### EXERCISE PROMPT
Determine how many lines in the entries below include the word "Variables", and reply with that number alone.

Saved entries
# # # # #

(* Let $k$ be a field, $\Gamma=(V,E)$ a finite connected quiver, $I\subseteq R^2$ a two-sided ideal of $k\Gamma$, and let $q$ be a path with $h(q)=t(q)=v_0$. Then $$D_{\overline{q}}=\sum_{p\in E,\ t(p)=v_0}D_{p,\overline{qp}}-\sum_{r\in E,\ h(r)=v_0}D_{r,\overline{rq}}.$$
   Context: For a path $p$, $t(p),h(p)$ are its start and end vertex; paths multiply by left-to-right concatenation (product $0$ if they do not concatenate). $R$ is the ideal generated by $E$ and $\overline{x}=x+I$. A differential operator from $k\Gamma$ to $k\Gamma/I$ is a $k$-linear map $D$ with $D(xy)=D(x)\overline{y}+\overline{x}D(y)$. For $m\in k\Gamma/I$, $D_m$ denotes the differential operator $x\mapsto m\overline{x}-\overline{x}m$. For an arrow $r$ and a path $s$ with the same start and end vertices as $r$, $D_{r,\overline{s}}$ is the unique differential operator $k\Gamma\to k\Gamma/I$ with $D_{r,\overline{s}}(r)=\overline{s}$ and vanishing on all other arrows and all vertices. *)

From HB Require Import structures.
From mathcomp Require Import all_boot all_order all_algebra.
From mathcomp Require Import finmap.
From mathcomp.multinomials Require Import monalg.
Set Implicit Arguments. Unset Strict Implicit. Unset Printing Implicit Defensive.
Import GRing.Theory.
Local Open Scope ring_scope.

Section Quiver.
Variables (V E : finType) (t h : E -> V).

Definition quiver_adj : rel V :=
  fun u w => [exists e : E, ((t e == u) && (h e == w)) || ((t e == w) && (h e == u))].
Definition quiver_connected : Prop := forall u w : V, connect quiver_adj u w.

(** Raw paths: a start vertex and a sequence of arrows, left-to-right.
    (v, [::]) is the trivial path e_v; (v, e1 :: ... :: en) is a path
    with t(e1) = v and h(e_i) = t(e_{i+1}). *)
Definition valid_path (x : V * seq E) : bool :=
  match x.2 with
  | [::] => true
  | e :: s => (t e == x.1) && path (fun a b => h a == t b) e s
  end.

Definition qpath := {x : V * seq E | valid_path x}.

Definition tP (p : qpath) : V := (val p).1.
Definition hP (p : qpath) : V := last (val p).1 (map h (val p).2).

Definition vpath (v : V) : qpath := @exist _ valid_path (v, [::]) isT.
Lemma arr_valid (e : E) : valid_path (t e, [:: e]).
Proof. by rewrite /valid_path /= eqxx. Qed.
Definition apath (e : E) : qpath := exist _ (t e, [:: e]) (arr_valid e).

Definition pcat (p q : qpath) : option qpath :=
  if hP p == tP q then insub ((val p).1, (val p).2 ++ (val q).2) else None.

Variable k : fieldType.

Definition pathalg := {malg k[qpath]}.

Definition pel (p : qpath) : pathalg := << p >>.
Definition pel_opt (o : option qpath) : pathalg :=
  if o is Some r then << r >> else 0.

Definition pmul (x y : pathalg) : pathalg :=
  \sum_(p <- msupp x) \sum_(q <- msupp y) (x@_p * y@_q) *: pel_opt (pcat p q).

Definition pone : pathalg := \sum_(v : V) pel (vpath v).

Definition is_ideal (I : pathalg -> Prop) : Prop :=
  [/\ I 0, (forall x y, I x -> I y -> I (x + y)),
      (forall a x, I x -> I (a *: x)),
      (forall x y, I y -> I (pmul x y)) & (forall x y, I x -> I (pmul x y))].

Definition ideal_gen (S : pathalg -> Prop) : pathalg -> Prop :=
  fun x => forall J, is_ideal J -> (forall s, S s -> J s) -> J x.

Definition arrow_ideal : pathalg -> Prop :=
  ideal_gen (fun x => exists e : E, x = pel (apath e)).
Definition arrow_ideal2 : pathalg -> Prop :=
  ideal_gen (fun x => exists a b, arrow_ideal a /\ arrow_ideal b /\ x = pmul a b).

Definition is_quotient (I : pathalg -> Prop) (A : algType k) (pi : pathalg -> A) : Prop :=
  [/\ (forall a x y, pi (a *: x + y) = a *: pi x + pi y),
      (forall x y, pi (pmul x y) = pi x * pi y),
      pi pone = 1,
      (forall z : A, exists x, pi x = z) &
      (forall x, pi x = 0 <-> I x)].

Definition is_diffop (A : algType k) (pi : pathalg -> A) (D : pathalg -> A) : Prop :=
  (forall a x y, D (a *: x + y) = a *: D x + D y) /\
  (forall x y, D (pmul x y) = D x * pi y + pi x * D y).

Definition Dm (A : algType k) (pi : pathalg -> A) (m : A) : pathalg -> A :=
  fun x => m * pi x - pi x * m.

Definition is_Drs (A : algType k) (pi : pathalg -> A) (r : E) (s : pathalg)
    (D : pathalg -> A) : Prop :=
  [/\ is_diffop pi D, D (pel (apath r)) = pi s,
      (forall e, e != r -> D (pel (apath e)) = 0) &
      (forall v, D (pel (vpath v)) = 0)].

End Quiver.

From HB Require Import structures.
From mathcomp Require Import all_boot all_order all_algebra.
From mathcomp Require Import finmap.
From mathcomp.multinomials Require Import monalg.
Import GRing.Theory.
Local Open Scope ring_scope.
Set Implicit Arguments. Unset Strict Implicit.

(** Both sides are differential operators k Gamma -> k Gamma / I, and a
    differential operator is determined by its values on vertices and arrows,
    since these generate k Gamma.  On a vertex [v] both sides vanish: [q] is a
    cycle, so [q e_v = e_v q].  On an arrow [e] the left side is
    [q e - e q]; the first sum contributes [q e] (only [D_{e, qe}] survives,
    and [q e = 0] unless [t(e) = v0]) and the second sum contributes [e q]. *)

Section PathAlgebra.
Variables (V E : finType) (t h : E -> V) (k : fieldType).
Local Notation qpath := (qpath t h).
Local Notation pathalg := (pathalg t h k).

Lemma pcat_Some (a b c : qpath) : hP a = tP b ->
  val c = ((val a).1, (val a).2 ++ (val b).2) -> pcat a b = Some c.
Proof.
move=> hab def_c; rewrite /pcat hab eqxx.
case: insubP => [u _ val_u | invalid]; first by congr Some; apply: val_inj; rewrite val_u def_c.
by move: (valP c); rewrite def_c => /(negP invalid).
Qed.

Lemma pcat_None (a b : qpath) : hP a != tP b -> pcat a b = None.
Proof. by move=> hab; rewrite /pcat (negbTE hab). Qed.

Lemma pcat_vpath_cycle (q : qpath) (v : V) : tP q = hP q ->
  pcat q (vpath t h v) = pcat (vpath t h v) q.
Proof.
move=> cycle_q; have [-> | neq_v] := eqVneq v (hP q).
  rewrite (@pcat_Some _ _ q) ?cats0 -?surjective_pairing //.
  by rewrite (@pcat_Some _ _ q) // /tP /= -cycle_q -surjective_pairing.
rewrite !pcat_None //; first by rewrite /hP /= cycle_q.
by rewrite /tP /= eq_sym.
Qed.

Lemma msupp_pel (a : qpath) : msupp (pel k a) = [fset a]%fset.
Proof. by rewrite /pel msuppU oner_eq0. Qed.

Lemma pmul_pel (a b : qpath) : pmul (pel k a) (pel k b) = pel_opt k (pcat a b).
Proof.
rewrite /pmul; under eq_bigr do rewrite (msupp_pel b) big_seq_fset1.
rewrite (msupp_pel a) big_seq_fset1 !mcoeffUU mulr1 scale1r; reflexivity.
Qed.

Lemma malgUZ (c : k) (p : qpath) : << c *g p >> = c *: pel k p.
Proof.
apply/malgP => d; rewrite [RHS]mcoeffZ [LHS](mcoeffU p c d) /pel [X in _ * X](mcoeffU p 1 d).
rewrite mulr_natr; reflexivity.
Qed.

Lemma pel_ind (P : pathalg -> Prop) :
  (forall x y, P x -> P y -> P (pmul x y)) ->
  (forall v, P (pel k (vpath t h v))) -> (forall e, P (pel k (apath t h e))) ->
  forall p : qpath, P (pel k p).
Proof.
move=> Pmul Pv Pe [[v s]] /=; elim: s v => [|e s IHs] v valid_es.
  by rewrite (_ : exist _ _ _ = vpath t h v) //; apply: val_inj.
have te : t e = v by move: valid_es => /andP[/eqP].
have valid_s : valid_path t h (h e, s).
  move: valid_es; rewrite /valid_path /=; case: s {IHs} => [|e' s'] //=.
  by case/andP=> _ /andP[/eqP -> ->]; rewrite eqxx.
pose tail : qpath := exist _ (h e, s) valid_s.
rewrite (_ : pel k _ = pmul (pel k (apath t h e)) (pel k tail)).
  by apply: Pmul; [exact: Pe | exact: IHs].
by rewrite pmul_pel (@pcat_Some _ _ (exist _ (v, e :: s) valid_es)) //= te.
Qed.

Variable A : algType k.

Definition klinear (f : pathalg -> A) := forall a x y, f (a *: x + y) = a *: f x + f y.

Section Klinear.
Variables (f : pathalg -> A) (f_lin : klinear f).

Lemma klinear0 : f 0 = 0.
Proof.
have := f_lin 1 0 0; rewrite !scale1r addr0 => f00.
by apply: (addrI (f 0)); rewrite addr0 -f00.
Qed.

Lemma klinearD x y : f (x + y) = f x + f y.
Proof. by have := f_lin 1 x y; rewrite !scale1r. Qed.

Lemma klinearZ a x : f (a *: x) = a *: f x.
Proof. by have := f_lin a x 0; rewrite addr0 klinear0 addr0. Qed.

End Klinear.

Variable pi : pathalg -> A.

Lemma diffop_sub D1 D2 : is_diffop pi D1 -> is_diffop pi D2 ->
  is_diffop pi (fun x => D1 x - D2 x).
Proof.
move=> [lin1 leib1] [lin2 leib2]; split=> [a x y | x y].
  by rewrite lin1 lin2 scalerBr opprD addrACA.
by rewrite leib1 leib2 mulrBl mulrBr opprD addrACA.
Qed.

Lemma diffop_sum (I : finType) (P : pred I) (D : I -> pathalg -> A) :
  (forall i, P i -> is_diffop pi (D i)) ->
  is_diffop pi (fun x => \sum_(i | P i) D i x).
Proof.
move=> diffD; split=> [a x y | x y].
  by rewrite scaler_sumr -big_split; apply: eq_bigr => i /diffD[].
by rewrite mulr_suml mulr_sumr -big_split; apply: eq_bigr => i /diffD[].
Qed.

Hypotheses (pi_lin : klinear pi) (pi_mul : forall x y, pi (pmul x y) = pi x * pi y).

Lemma diffop_Dm m : is_diffop pi (Dm pi m).
Proof.
split=> [a x y | x y]; rewrite /Dm.
  by rewrite pi_lin mulrDr mulrDl -scalerAr -scalerAl scalerBr opprD addrACA.
by rewrite pi_mul mulrBl mulrBr !mulrA addrA subrK.
Qed.

Lemma Dm_pi (x y : pathalg) : Dm pi (pi x) y = pi (pmul x y) - pi (pmul y x).
Proof. rewrite /Dm -(pi_mul x y) -(pi_mul y x); reflexivity. Qed.

Lemma Dm_pel (q p : qpath) :
  Dm pi (pi (pel k q)) (pel k p) = pi (pel_opt k (pcat q p)) - pi (pel_opt k (pcat p q)).
Proof. by rewrite Dm_pi; congr (pi _ - pi _); apply: pmul_pel. Qed.

Lemma Dm_pel_vpath_cycle (q : qpath) v : tP q = hP q ->
  Dm pi (pi (pel k q)) (pel k (vpath t h v)) = 0.
Proof. by move=> cycle_q; rewrite Dm_pel pcat_vpath_cycle // subrr. Qed.

Lemma Dm_pel_apath (q : qpath) e :
  Dm pi (pi (pel k q)) (pel k (apath t h e)) =
  (if t e == hP q then pi (pel_opt k (pcat q (apath t h e))) else 0) -
  (if h e == tP q then pi (pel_opt k (pcat (apath t h e) q)) else 0).
Proof.
rewrite Dm_pel; congr (_ - _); case: eqP => // [/eqP ne_e]; rewrite pcat_None ?klinear0 //.
  by rewrite eq_sym.
Qed.

Lemma diffop_eq0 D : is_diffop pi D ->
  (forall v, D (pel k (vpath t h v)) = 0) -> (forall e, D (pel k (apath t h e)) = 0) ->
  forall x, D x = 0.
Proof.
move=> [D_lin D_leib] Dv De x.
have Dp : forall p, D (pel k p) = 0.
  apply: (@pel_ind (fun y => D y = 0)) => // y z Dy Dz.
  by rewrite D_leib Dy Dz mul0r mulr0 addr0.
rewrite (monalgE x); apply: (big_ind (fun y => D y = 0)).
- exact: klinear0.
- by move=> y z Dy Dz; rewrite klinearD // Dy Dz addr0.
- by move=> p _; rewrite malgUZ klinearZ // Dp scaler0.
Qed.

Lemma diffop_eq D1 D2 : is_diffop pi D1 -> is_diffop pi D2 ->
  (forall v, D1 (pel k (vpath t h v)) = D2 (pel k (vpath t h v))) ->
  (forall e, D1 (pel k (apath t h e)) = D2 (pel k (apath t h e))) ->
  forall x, D1 x = D2 x.
Proof.
move=> diff1 diff2 eqv eqe x; apply/eqP; rewrite -subr_eq0; apply/eqP.
apply: (@diffop_eq0 (fun y => D1 y - D2 y)) (diffop_sub diff1 diff2) _ _ x.
  by move=> v; rewrite eqv subrr.
by move=> e; rewrite eqe subrr.
Qed.

Section SumDrs.
Variables (P : pred E) (s : E -> pathalg) (D : E -> pathalg -> A).
Hypothesis D_Drs : forall r, P r -> is_Drs pi r (s r) (D r).

Lemma sum_Drs_diffop : is_diffop pi (fun x => \sum_(r | P r) D r x).
Proof. by apply: diffop_sum => r /D_Drs[]. Qed.

Lemma sum_Drs_vpath v : \sum_(r | P r) D r (pel k (vpath t h v)) = 0.
Proof. by apply: big1 => r /D_Drs[_ _ _ ->]. Qed.

Lemma sum_Drs_apath e :
  \sum_(r | P r) D r (pel k (apath t h e)) = if P e then pi (s e) else 0.
Proof.
have others r : P r -> r != e -> D r (pel k (apath t h e)) = 0.
  move=> Pr ner; case: (D_Drs Pr) => _ _ Dother _; apply: Dother.
  by rewrite eq_sym.
case: ifP => Pe.
  rewrite (bigD1 e) //= big1 ?addr0 => [|r /andP[Pr ner]]; last exact: others.
  by case: (D_Drs Pe).
apply: big1 => r Pr; apply: (others _ Pr).
by apply: contraFneq _ Pe => <-.
Qed.

End SumDrs.

End PathAlgebra.

Theorem proposition3p1 (k : fieldType) (V E : finType) (t h : E -> V)
  (Hconn : quiver_connected t h)
  (I : pathalg t h k -> Prop)
  (HI : is_ideal I)
  (HIR2 : forall x, I x -> arrow_ideal2 x)
  (A : algType k) (pi : pathalg t h k -> A)
  (Hpi : is_quotient I pi)
  (v0 : V) (q : qpath t h) (Hqt : tP q = v0) (Hqh : hP q = v0)
  (Dt : E -> pathalg t h k -> A)
  (HDt : forall p : E, t p = v0 ->
           is_Drs pi p (pel_opt k (pcat q (apath t h p))) (Dt p))
  (Dh : E -> pathalg t h k -> A)
  (HDh : forall r : E, h r = v0 ->
           is_Drs pi r (pel_opt k (pcat (apath t h r) q)) (Dh r)) :
  forall x : pathalg t h k,
    Dm pi (pi (pel k q)) x =
    \sum_(p : E | t p == v0) Dt p x - \sum_(r : E | h r == v0) Dh r x.
Proof.
case: Hpi => pi_lin pi_mul _ _ _.
have HDt' p : t p == v0 -> _ := fun tp => HDt p (eqP tp).
have HDh' r : h r == v0 -> _ := fun hr => HDh r (eqP hr).
apply: diffop_eq => [||v|e].
- exact: diffop_Dm.
- exact: diffop_sub (sum_Drs_diffop HDt') (sum_Drs_diffop HDh').
- rewrite (Dm_pel_vpath_cycle pi_mul); last by rewrite Hqt Hqh.
  by rewrite (sum_Drs_vpath HDt') (sum_Drs_vpath HDh') subrr.
- by rewrite (Dm_pel_apath pi_lin pi_mul) (sum_Drs_apath HDt') (sum_Drs_apath HDh') Hqt Hqh.
Qed.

# # # # #

### RESULT OF THIS EXERCISE
4